- Task requirements
Beneath this task are records; print exactly the stretch of them from the line with "Definition Lblk : 'M[C]_(\sum_j" through the line with "(* Write K = D_g", both ends included.

- Items from a data source

****************************************

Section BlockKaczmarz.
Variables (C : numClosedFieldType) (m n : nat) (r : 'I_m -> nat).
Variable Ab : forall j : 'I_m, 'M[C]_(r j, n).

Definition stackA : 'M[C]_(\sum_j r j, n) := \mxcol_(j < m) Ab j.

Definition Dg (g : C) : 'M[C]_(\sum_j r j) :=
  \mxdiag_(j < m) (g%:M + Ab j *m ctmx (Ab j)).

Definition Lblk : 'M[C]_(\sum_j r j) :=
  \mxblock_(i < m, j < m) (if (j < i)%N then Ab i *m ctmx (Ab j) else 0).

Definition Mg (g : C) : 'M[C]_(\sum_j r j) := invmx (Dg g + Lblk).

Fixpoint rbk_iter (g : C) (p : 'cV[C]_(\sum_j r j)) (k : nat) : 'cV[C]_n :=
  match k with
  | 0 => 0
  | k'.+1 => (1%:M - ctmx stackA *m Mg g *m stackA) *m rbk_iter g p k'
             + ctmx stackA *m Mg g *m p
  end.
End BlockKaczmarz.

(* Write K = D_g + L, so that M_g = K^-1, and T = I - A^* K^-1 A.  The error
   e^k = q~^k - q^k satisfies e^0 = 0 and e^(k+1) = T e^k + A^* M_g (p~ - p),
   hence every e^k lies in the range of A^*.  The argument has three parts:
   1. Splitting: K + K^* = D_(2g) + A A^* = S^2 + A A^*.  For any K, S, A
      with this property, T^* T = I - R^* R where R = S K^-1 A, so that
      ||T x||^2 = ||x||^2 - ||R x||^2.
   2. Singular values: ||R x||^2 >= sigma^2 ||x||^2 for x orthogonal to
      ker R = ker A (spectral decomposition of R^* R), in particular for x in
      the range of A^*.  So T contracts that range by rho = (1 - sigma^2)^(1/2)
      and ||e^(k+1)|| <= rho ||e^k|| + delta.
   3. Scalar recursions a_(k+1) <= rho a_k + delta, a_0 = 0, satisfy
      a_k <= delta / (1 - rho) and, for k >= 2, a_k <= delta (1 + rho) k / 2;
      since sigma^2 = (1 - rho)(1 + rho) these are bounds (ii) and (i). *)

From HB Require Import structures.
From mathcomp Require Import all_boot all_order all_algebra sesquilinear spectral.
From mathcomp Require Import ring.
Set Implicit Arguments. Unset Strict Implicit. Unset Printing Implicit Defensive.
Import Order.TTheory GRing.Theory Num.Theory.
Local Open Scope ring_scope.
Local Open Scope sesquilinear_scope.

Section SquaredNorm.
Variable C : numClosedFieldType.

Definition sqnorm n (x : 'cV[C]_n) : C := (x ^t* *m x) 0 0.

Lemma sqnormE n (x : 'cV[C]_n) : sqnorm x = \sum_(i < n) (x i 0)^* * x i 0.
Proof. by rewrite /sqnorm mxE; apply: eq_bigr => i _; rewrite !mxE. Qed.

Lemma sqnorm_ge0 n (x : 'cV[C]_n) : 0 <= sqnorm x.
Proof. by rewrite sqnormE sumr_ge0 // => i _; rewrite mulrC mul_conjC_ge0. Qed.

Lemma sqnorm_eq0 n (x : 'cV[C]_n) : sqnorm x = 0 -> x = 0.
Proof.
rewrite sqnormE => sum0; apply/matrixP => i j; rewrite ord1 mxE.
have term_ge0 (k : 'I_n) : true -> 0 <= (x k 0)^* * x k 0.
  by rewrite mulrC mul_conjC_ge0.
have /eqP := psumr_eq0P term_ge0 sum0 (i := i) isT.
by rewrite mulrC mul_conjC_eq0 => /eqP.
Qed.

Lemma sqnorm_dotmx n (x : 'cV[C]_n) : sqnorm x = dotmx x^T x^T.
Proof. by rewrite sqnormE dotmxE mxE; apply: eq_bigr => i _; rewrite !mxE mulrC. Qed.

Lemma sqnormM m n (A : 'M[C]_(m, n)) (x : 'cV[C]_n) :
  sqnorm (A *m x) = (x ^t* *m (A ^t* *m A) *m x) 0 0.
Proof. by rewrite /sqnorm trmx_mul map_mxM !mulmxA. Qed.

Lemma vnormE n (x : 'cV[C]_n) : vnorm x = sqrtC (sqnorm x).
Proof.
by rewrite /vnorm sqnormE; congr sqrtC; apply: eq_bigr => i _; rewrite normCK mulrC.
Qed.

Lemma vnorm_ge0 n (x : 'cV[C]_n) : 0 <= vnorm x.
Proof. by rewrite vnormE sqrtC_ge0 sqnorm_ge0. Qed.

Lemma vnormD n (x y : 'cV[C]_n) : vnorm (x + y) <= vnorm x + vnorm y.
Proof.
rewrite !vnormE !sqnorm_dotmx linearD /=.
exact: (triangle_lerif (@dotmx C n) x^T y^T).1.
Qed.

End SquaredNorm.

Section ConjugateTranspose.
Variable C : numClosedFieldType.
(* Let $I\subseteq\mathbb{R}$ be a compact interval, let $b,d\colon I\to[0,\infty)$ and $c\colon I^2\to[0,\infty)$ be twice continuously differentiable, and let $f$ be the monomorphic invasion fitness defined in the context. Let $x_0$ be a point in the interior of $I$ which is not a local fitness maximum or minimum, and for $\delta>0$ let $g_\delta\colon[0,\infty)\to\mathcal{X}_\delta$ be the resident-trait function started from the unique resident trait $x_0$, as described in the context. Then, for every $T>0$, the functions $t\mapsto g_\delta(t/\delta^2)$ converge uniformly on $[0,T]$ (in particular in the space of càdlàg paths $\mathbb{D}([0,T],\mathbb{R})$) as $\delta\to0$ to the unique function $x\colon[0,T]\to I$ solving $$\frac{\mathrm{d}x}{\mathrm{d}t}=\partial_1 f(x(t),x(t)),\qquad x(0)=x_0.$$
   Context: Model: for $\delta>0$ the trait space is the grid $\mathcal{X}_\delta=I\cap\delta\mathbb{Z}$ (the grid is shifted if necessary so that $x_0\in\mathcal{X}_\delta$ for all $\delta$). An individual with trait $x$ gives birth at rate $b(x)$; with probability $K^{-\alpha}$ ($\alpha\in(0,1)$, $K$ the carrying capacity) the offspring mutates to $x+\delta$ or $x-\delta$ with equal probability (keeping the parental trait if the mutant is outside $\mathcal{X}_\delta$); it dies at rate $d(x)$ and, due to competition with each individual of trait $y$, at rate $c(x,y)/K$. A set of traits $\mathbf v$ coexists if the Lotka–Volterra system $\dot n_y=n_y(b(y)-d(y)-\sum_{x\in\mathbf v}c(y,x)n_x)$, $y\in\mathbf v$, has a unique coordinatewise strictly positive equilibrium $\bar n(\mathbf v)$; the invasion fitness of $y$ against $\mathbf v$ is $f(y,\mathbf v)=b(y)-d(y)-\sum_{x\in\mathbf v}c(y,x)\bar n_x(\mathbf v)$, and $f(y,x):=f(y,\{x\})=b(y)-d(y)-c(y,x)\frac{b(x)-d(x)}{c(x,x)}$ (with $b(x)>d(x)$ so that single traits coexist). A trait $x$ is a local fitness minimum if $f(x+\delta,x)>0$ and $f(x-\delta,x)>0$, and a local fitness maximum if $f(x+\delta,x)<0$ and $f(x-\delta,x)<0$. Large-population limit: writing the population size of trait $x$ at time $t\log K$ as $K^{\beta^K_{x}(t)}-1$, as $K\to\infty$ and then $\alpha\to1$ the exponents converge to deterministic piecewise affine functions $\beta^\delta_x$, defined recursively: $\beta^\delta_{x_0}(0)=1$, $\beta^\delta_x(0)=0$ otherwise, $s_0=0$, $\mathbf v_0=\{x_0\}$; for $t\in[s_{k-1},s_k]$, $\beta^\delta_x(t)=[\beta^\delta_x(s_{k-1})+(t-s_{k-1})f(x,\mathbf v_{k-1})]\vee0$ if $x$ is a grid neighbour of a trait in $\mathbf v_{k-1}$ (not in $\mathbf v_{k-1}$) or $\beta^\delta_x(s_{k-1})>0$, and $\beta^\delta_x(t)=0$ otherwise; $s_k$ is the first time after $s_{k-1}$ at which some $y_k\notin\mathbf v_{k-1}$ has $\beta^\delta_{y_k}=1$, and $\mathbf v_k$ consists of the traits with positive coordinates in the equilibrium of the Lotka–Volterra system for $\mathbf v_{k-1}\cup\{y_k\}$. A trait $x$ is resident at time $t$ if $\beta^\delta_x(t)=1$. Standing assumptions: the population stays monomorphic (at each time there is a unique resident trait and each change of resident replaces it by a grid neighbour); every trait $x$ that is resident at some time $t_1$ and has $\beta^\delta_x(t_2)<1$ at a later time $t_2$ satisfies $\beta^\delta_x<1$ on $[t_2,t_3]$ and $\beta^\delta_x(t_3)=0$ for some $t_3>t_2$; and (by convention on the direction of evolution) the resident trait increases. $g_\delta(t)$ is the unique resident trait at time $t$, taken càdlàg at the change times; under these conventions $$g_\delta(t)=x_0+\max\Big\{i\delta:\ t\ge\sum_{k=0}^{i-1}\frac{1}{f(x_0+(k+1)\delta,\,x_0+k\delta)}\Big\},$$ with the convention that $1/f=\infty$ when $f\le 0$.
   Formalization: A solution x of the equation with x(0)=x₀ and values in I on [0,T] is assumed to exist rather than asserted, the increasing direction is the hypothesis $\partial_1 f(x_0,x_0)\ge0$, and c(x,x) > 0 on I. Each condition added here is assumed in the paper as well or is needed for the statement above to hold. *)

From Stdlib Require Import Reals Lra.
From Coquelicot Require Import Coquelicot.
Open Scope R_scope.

****************************************

- Task response
Definition Lblk : 'M[C]_(\sum_j r j) :=
  \mxblock_(i < m, j < m) (if (j < i)%N then Ab i *m ctmx (Ab j) else 0).

Definition Mg (g : C) : 'M[C]_(\sum_j r j) := invmx (Dg g + Lblk).

Fixpoint rbk_iter (g : C) (p : 'cV[C]_(\sum_j r j)) (k : nat) : 'cV[C]_n :=
  match k with
  | 0 => 0
  | k'.+1 => (1%:M - ctmx stackA *m Mg g *m stackA) *m rbk_iter g p k'
             + ctmx stackA *m Mg g *m p
  end.
End BlockKaczmarz.

(* Write K = D_g + L, so that M_g = K^-1, and T = I - A^* K^-1 A.  The error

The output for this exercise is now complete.